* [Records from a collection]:
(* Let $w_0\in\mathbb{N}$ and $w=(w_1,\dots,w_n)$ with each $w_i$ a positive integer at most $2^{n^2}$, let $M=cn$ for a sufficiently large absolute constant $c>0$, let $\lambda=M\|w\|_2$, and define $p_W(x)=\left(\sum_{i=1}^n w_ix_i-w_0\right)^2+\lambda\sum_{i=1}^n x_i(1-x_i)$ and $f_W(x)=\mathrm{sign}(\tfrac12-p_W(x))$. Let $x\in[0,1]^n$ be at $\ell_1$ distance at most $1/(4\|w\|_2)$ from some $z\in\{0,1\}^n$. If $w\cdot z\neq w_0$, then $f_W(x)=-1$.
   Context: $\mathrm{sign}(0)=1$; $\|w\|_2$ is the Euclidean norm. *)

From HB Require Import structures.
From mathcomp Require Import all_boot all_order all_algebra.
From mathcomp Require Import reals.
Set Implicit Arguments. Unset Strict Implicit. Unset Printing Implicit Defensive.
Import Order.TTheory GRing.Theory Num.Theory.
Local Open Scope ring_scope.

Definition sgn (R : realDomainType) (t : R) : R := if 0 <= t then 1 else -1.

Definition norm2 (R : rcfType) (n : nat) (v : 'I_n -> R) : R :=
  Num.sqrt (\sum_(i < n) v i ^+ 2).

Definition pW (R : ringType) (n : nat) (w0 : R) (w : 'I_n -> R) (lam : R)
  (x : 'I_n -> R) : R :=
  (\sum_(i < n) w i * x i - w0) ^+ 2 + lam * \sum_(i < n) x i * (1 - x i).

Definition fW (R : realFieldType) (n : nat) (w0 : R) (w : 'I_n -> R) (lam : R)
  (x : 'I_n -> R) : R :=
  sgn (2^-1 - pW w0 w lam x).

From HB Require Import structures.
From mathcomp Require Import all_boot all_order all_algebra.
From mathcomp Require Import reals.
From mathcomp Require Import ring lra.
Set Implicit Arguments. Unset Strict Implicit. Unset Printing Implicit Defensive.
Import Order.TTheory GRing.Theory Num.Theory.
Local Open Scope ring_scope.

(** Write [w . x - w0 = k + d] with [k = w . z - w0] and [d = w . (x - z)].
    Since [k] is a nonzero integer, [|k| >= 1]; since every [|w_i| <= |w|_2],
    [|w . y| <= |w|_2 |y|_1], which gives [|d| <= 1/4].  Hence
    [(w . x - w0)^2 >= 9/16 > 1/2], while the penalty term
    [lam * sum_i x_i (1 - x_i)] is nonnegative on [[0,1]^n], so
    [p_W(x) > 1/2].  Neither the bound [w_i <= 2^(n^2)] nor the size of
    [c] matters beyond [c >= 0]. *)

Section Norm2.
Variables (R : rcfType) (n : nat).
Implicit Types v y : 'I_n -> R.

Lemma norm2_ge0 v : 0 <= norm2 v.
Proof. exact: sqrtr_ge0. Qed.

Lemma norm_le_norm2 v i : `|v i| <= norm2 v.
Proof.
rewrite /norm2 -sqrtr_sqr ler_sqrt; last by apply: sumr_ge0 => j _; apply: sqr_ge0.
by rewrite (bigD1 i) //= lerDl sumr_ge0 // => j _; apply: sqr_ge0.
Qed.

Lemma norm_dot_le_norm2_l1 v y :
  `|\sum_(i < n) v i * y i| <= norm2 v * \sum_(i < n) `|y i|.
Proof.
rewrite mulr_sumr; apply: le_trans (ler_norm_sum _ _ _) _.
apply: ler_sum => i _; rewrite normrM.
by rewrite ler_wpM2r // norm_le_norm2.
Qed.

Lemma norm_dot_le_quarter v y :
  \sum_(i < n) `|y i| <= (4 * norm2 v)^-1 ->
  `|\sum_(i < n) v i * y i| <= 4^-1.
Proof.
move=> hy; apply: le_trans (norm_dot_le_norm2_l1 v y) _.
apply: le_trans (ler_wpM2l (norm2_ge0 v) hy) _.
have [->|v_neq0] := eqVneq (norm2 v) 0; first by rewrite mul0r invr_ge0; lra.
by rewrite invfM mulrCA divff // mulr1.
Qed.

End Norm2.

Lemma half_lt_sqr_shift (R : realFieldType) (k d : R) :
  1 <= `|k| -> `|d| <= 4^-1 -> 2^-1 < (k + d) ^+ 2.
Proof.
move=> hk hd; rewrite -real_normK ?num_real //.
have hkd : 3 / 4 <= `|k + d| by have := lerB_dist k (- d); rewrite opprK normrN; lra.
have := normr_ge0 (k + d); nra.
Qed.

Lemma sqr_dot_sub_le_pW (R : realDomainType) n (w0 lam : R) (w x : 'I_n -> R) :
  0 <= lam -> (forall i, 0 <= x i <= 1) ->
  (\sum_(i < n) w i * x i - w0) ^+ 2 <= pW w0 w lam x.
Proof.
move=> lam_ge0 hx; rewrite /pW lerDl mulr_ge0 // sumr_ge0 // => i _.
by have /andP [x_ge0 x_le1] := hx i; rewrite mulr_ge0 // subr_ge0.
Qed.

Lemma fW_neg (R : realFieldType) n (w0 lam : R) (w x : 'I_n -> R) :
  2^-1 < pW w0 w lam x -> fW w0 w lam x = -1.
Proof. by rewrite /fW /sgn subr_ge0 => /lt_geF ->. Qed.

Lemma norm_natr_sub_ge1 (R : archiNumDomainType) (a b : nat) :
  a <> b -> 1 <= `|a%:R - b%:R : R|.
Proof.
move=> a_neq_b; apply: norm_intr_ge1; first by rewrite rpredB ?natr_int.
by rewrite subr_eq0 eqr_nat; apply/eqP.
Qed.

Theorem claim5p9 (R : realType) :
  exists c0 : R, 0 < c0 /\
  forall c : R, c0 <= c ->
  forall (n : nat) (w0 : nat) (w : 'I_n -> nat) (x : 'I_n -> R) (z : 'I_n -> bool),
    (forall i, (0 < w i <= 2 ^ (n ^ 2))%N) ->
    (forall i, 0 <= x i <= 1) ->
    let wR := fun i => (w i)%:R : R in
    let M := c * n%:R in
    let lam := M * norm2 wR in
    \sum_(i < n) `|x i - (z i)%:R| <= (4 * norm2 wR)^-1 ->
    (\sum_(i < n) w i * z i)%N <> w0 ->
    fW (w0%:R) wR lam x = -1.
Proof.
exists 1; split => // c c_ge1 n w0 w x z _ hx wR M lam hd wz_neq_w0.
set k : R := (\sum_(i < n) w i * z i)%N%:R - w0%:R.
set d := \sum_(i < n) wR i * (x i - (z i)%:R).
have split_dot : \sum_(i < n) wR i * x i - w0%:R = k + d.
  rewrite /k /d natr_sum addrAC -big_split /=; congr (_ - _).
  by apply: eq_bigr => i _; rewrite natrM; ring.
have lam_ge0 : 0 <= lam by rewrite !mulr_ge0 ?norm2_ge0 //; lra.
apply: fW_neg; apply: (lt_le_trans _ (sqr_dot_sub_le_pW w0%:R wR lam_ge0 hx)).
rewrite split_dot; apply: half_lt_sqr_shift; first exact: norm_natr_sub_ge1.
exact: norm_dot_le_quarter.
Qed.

---

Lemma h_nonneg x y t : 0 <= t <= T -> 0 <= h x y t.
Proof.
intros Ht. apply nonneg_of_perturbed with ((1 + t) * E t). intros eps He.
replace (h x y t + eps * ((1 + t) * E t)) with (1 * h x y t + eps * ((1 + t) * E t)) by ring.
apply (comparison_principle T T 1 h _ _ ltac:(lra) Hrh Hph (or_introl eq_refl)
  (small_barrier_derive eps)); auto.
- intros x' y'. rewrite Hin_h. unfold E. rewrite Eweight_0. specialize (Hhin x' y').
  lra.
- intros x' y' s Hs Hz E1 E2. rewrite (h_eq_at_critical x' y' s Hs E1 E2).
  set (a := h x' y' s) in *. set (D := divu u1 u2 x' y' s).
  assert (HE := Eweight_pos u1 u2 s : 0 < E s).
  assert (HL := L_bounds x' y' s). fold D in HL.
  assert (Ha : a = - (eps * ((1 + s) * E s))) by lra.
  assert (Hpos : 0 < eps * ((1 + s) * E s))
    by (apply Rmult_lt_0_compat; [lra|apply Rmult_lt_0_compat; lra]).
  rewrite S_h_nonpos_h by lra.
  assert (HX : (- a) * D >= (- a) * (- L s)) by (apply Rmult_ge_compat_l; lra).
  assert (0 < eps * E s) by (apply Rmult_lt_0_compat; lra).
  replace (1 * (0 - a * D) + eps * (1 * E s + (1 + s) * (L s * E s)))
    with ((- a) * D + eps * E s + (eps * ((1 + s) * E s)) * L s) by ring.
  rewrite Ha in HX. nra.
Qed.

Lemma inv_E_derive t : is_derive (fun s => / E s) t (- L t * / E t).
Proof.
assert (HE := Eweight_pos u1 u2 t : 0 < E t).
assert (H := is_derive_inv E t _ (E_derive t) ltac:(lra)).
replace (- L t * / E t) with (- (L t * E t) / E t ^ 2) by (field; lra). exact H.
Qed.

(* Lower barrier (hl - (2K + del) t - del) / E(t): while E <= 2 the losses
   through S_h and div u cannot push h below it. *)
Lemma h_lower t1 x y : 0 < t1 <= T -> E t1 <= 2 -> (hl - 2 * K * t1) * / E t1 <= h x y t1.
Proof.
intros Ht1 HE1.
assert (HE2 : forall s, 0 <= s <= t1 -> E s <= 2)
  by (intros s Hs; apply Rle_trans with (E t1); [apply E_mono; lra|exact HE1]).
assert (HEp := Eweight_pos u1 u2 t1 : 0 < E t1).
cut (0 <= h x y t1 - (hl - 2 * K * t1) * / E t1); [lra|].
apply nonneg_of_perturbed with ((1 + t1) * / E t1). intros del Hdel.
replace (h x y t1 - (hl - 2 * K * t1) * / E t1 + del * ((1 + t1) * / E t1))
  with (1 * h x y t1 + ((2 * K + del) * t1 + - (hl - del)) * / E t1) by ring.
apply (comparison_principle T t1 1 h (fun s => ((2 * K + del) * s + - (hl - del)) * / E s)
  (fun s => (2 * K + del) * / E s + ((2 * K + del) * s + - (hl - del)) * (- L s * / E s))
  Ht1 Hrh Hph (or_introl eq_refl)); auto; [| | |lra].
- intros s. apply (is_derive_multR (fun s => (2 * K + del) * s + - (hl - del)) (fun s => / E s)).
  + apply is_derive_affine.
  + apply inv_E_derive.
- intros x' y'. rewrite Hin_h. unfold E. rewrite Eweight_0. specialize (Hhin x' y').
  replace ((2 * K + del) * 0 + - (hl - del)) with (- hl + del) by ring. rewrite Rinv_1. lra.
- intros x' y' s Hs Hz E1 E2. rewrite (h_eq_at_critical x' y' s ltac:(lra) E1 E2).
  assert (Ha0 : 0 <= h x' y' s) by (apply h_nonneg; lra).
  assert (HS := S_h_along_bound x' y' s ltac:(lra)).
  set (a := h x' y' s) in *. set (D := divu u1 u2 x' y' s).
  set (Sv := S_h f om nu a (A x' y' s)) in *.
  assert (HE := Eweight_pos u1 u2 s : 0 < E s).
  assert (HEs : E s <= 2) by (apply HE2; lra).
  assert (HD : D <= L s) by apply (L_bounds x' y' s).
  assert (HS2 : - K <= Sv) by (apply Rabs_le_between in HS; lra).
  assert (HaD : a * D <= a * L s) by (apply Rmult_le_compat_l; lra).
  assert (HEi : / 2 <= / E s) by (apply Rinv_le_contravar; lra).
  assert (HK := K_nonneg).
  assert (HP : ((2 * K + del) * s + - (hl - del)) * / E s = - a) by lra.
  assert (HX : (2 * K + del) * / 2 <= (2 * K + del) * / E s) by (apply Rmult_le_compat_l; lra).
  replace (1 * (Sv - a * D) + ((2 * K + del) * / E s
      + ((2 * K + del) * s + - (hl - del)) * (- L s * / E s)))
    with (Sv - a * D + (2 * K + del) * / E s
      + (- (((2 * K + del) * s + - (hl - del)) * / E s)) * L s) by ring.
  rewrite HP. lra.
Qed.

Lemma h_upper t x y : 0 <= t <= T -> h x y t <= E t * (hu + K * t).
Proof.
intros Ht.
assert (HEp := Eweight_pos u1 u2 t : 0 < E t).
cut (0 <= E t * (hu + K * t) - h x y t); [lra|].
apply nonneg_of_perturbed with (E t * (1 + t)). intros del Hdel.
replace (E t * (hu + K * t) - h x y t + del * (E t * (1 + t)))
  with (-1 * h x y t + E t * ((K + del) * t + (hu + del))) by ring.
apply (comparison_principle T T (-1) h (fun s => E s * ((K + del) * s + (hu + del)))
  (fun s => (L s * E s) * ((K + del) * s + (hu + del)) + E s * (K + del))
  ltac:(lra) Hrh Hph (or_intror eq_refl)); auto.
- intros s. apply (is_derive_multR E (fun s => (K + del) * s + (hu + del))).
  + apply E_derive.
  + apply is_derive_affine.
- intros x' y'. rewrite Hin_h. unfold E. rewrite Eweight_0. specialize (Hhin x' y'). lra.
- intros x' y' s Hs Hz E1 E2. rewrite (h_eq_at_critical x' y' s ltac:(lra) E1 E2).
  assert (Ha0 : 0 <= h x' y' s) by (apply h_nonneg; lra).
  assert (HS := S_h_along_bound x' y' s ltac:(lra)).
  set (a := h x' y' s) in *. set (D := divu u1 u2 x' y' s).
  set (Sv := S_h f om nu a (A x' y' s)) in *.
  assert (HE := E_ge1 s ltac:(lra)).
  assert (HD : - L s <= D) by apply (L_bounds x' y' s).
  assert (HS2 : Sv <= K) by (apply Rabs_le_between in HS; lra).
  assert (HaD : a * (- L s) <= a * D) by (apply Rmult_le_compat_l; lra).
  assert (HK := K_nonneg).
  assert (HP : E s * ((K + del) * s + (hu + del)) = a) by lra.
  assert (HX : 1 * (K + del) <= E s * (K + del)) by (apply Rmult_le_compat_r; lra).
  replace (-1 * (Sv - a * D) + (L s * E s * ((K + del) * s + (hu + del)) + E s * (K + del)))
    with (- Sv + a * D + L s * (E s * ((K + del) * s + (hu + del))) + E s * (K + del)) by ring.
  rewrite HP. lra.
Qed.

* [Required action]:
Transcribe the records above exactly, beginning at the line that contains "assert (Ha : a" and ending with the line that contains "with ((- a)", both included, and nothing else.

* [Answer for this exercise]:
  assert (Ha : a = - (eps * ((1 + s) * E s))) by lra.
  assert (Hpos : 0 < eps * ((1 + s) * E s))
    by (apply Rmult_lt_0_compat; [lra|apply Rmult_lt_0_compat; lra]).
  rewrite S_h_nonpos_h by lra.
  assert (HX : (- a) * D >= (- a) * (- L s)) by (apply Rmult_ge_compat_l; lra).
  assert (0 < eps * E s) by (apply Rmult_lt_0_compat; lra).
  replace (1 * (0 - a * D) + eps * (1 * E s + (1 + s) * (L s * E s)))
    with ((- a) * D + eps * E s + (eps * ((1 + s) * E s)) * L s) by ring.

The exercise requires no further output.